Healthcare leaders have never been more focused on safety.
A recent survey found that 93% of healthcare leaders view workplace safety and security as an essential or high priority, reflecting growing concern around workforce well-being, operational resilience, and emergency response preparedness.
That urgency is warranted. Workplace violence, behavioral health incidents, aggressive visitors, and other emergencies continue to challenge healthcare organizations nationwide. At the same time, workforce shortages and burnout have left many teams stretched thin, making preparation more important than ever.
With June marked as Safety Month, it’s an ideal time for healthcare leaders to evaluate whether their organization is truly prepared for an emergency—not just on paper, but in practice.
Here are seven questions healthcare organizations can ask as they work to mitigate violence in healthcare, increase preparedness and build a safer environment for staff, patients, and visitors.
How Often Should Healthcare Organizations Review Their Workplace Violence Prevention Plan?
Every healthcare organization should have a documented workplace violence prevention plan. The more important question is whether that plan reflects today’s realities.
Workplace violence prevention programs should address:
- Risk assessment processes
- Incident reporting procedures
- Staff training requirements
- Emergency response protocols
- Post-incident support and follow-up
Healthcare workers remain among the professions most likely to experience workplace violence, and experts continue to emphasize organization-wide prevention strategies that go beyond compliance alone.
Safety Month is an excellent opportunity to review your plan, identify gaps, and ensure procedures remain relevant to current risks.
Questions to Ask:
- When was our violence prevention plan last updated?
- Have recent incidents revealed any new gaps or weaknesses?
- Are frontline staff proficient in response protocols and procedures?
How Can Healthcare Workers Quickly Get Help During an Emergency?
Emergency preparedness often focuses on policies and procedures. But in a crisis, response time is critical.

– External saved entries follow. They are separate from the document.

(* Let $\theta^*\in\mathbb{R}^n$, let $\phi:\mathbb{R}_{\ge0}\to\mathbb{R}^n$ be piecewise continuous and bounded, and $y^*(t):=\phi^T(t)\theta^*$. Let $t_1,\dots,t_N\ge0$ be such that $\mathcal{D}=[\phi(t_1),\dots,\phi(t_N)]$ has rank $n$. Let $\beta,\gamma,\mu>0$ with $\beta\ge2\gamma/\mu$, $\mathcal{N}_t:=1+\mu\phi^T(t)\phi(t)$, and $$B(\theta,\mu):=\sum_{k=1}^N\frac{\phi(t_k)}{1+\mu\phi^T(t_k)\phi(t_k)}\big(\phi^T(t_k)\theta-y^*(t_k)\big).$$ Then $(\theta^*,\theta^* )$ is uniformly globally asymptotically stable for the system in $(\theta,\vartheta)\in\mathbb{R}^{2n}$ $$\dot\theta=-\beta(\theta-\vartheta)\mathcal{N}_t,\qquad\dot\vartheta=-\gamma\Big(\phi(t)\big(\phi^T(t)\theta-y^*(t)\big)+\mathcal{N}_tB(\theta,\mu)\Big).$$
   Context: No persistent excitation is assumed. For a system $\dot x=f(x,t)$ with equilibrium $x^*$: uniformly globally stable (UGS) means there is a class-$\mathcal{K}_\infty$ function $\kappa$ with $|x(t)-x^*|\le\kappa(|x_\circ-x^*|)$ for all $t\ge t_\circ$, for every solution from every $(x_\circ,t_\circ)$; uniformly globally attractive (UGA) means for each $r,\sigma>0$ there is $T'>0$ with $|x_\circ-x^*|\le r\Rightarrow|x(t)-x^*|\le\sigma$ for all $t\ge t_\circ+T'$, uniformly in $t_\circ\ge0$; UGAS means UGS and UGA. *)

From HB Require Import structures.
From mathcomp Require Import all_boot all_order all_algebra.
From mathcomp Require Import all_classical all_reals all_analysis.
Set Implicit Arguments. Unset Strict Implicit. Unset Printing Implicit Defensive.
Import Order.TTheory GRing.Theory Num.Theory.
Import numFieldNormedType.Exports.
Local Open Scope classical_set_scope.
Local Open Scope ring_scope.

Section Defs.
Variable R : realType.

Definition dotv (n : nat) (u v : 'rV[R]_n) : R := \sum_(i < n) u 0 i * v 0 i.

Definition pw_continuous (V : normedModType R) (f : R -> V) : Prop :=
  forall b : R, exists s : seq R,
    (forall t, 0 < t -> t <= b -> t \notin s -> {for t, continuous f}) /\
    (forall t, t \in s -> 0 < t -> exists l : V, f x @[x --> t^'-] --> l) /\
    (forall t, (t \in s) || (t == 0) -> exists l : V, f x @[x --> t^'+] --> l).

Definition bounded_on_nonneg (V : normedModType R) (f : R -> V) : Prop :=
  exists M : R, forall t, 0 <= t -> `|f t| <= M.

(* (Carathéodory) solution on [t0, +oo) of x' = F t x: continuous on [t0,+oo)
   and differentiable with derivative F t (x t) except at finitely many points
   of each bounded interval. *)
Definition is_solution (X : normedModType R) (F : R -> X -> X) (t0 : R)
    (x : R -> X) : Prop :=
  {within `[t0, +oo[, continuous x} /\
  forall b : R, exists s : seq R,
    forall t, t0 < t -> t < b -> t \notin s -> is_derive t 1 x (F t (x t)).
Lemma spectral_radiusE k (B : 'M[R]_k) :
  spectral_radius B = \big[Num.max/0]_(z <- mx_eigenvalues B) complex.Re `|z|.
Proof.
rewrite /spectral_radius; set s := mx_eigenvalues B.
suff -> : \big[Num.max/0]_(z <- s) `|z| = (\big[Num.max/0]_(z <- s) complex.Re `|z|)%:C.
  by [].
elim: s => [|z s IHs]; first by rewrite !big_nil.
have zE : `|z| = (complex.Re `|z|)%:C by rewrite RRe_real ?normr_real.
by rewrite !big_cons IHs {1}zE !maxElt ltcR; case: ifP.
Qed.

Lemma mem_mx_eigenvalues k (B : 'M[R]_k) z :
  (z \in mx_eigenvalues B) = root (char_poly (cmx B)) z.
Proof.
rewrite /mx_eigenvalues; case: closed_field_poly_normal => s /= ->.
by rewrite (monicP (char_poly_monic _)) scale1r root_prod_XsubC.
Qed.

Lemma spectral_radius_ge0 k (B : 'M[R]_k) : 0 <= spectral_radius B.
Proof. by rewrite spectral_radiusE bigmax_ge_id. Qed.

Lemma root_le_spectral_radius k (B : 'M[R]_k) z :
  root (char_poly (cmx B)) z -> complex.Re `|z| <= spectral_radius B.
Proof. by rewrite -mem_mx_eigenvalues spectral_radiusE => /le_bigmax_seq->. Qed.

Lemma spectral_radius_attained k (B : 'M[R]_k) : 0 < spectral_radius B ->
  exists2 z, root (char_poly (cmx B)) z & complex.Re `|z| = spectral_radius B.
Proof.
rewrite spectral_radiusE => /bigmax_seq_attained[z zB zE].
by exists z; rewrite -?mem_mx_eigenvalues.
Qed.

Lemma spectral_radius_tr k (B : 'M[R]_k) : spectral_radius B^T = spectral_radius B.
Proof. by rewrite /spectral_radius /mx_eigenvalues -map_trmx char_poly_trmx. Qed.

Lemma spectral_radius_mulC m n (X : 'M[R]_(m, n)) (Y : 'M_(n, m)) :
  spectral_radius (X *m Y) = spectral_radius (Y *m X).
Proof.
wlog suff: m n X Y / spectral_radius (X *m Y) <= spectral_radius (Y *m X).
  by move=> le_rho; apply/le_anti; rewrite !le_rho.
rewrite [leLHS]spectral_radiusE big_seq bigmax_le ?spectral_radius_ge0 // => z.
rewrite mem_mx_eigenvalues; have [->|z_neq0] := eqVneq z 0.
  by rewrite normr0 spectral_radius_ge0.
rewrite -!eigenvalue_root_char !map_mxM => /(eigenvalue_mulmxC z_neq0).
by rewrite -map_mxM eigenvalue_root_char => /root_le_spectral_radius.
Qed.

Lemma spectral_radius_dim_gt0 k (B : 'M[R]_k) : 0 < spectral_radius B -> (0 < k)%N.
Proof.
case/spectral_radius_attained => z; case: k B => // B.
have /size_poly1P[c c_neq0 ->] : size (char_poly (cmx B)) == 1%N.
  by rewrite size_char_poly.
by rewrite /root hornerC (negPf c_neq0).
Qed.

Whether facing an aggressive patient, escalating visitor, behavioral health emergency, or suspicious person, staff need a fast and reliable way to signal for help.
This is particularly important because physical incidents rarely occur without warning. Escalation often begins with verbal aggression, disruptive behavior, or other early indicators. The faster support can be mobilized, the greater the opportunity to intervene before an incident worsens.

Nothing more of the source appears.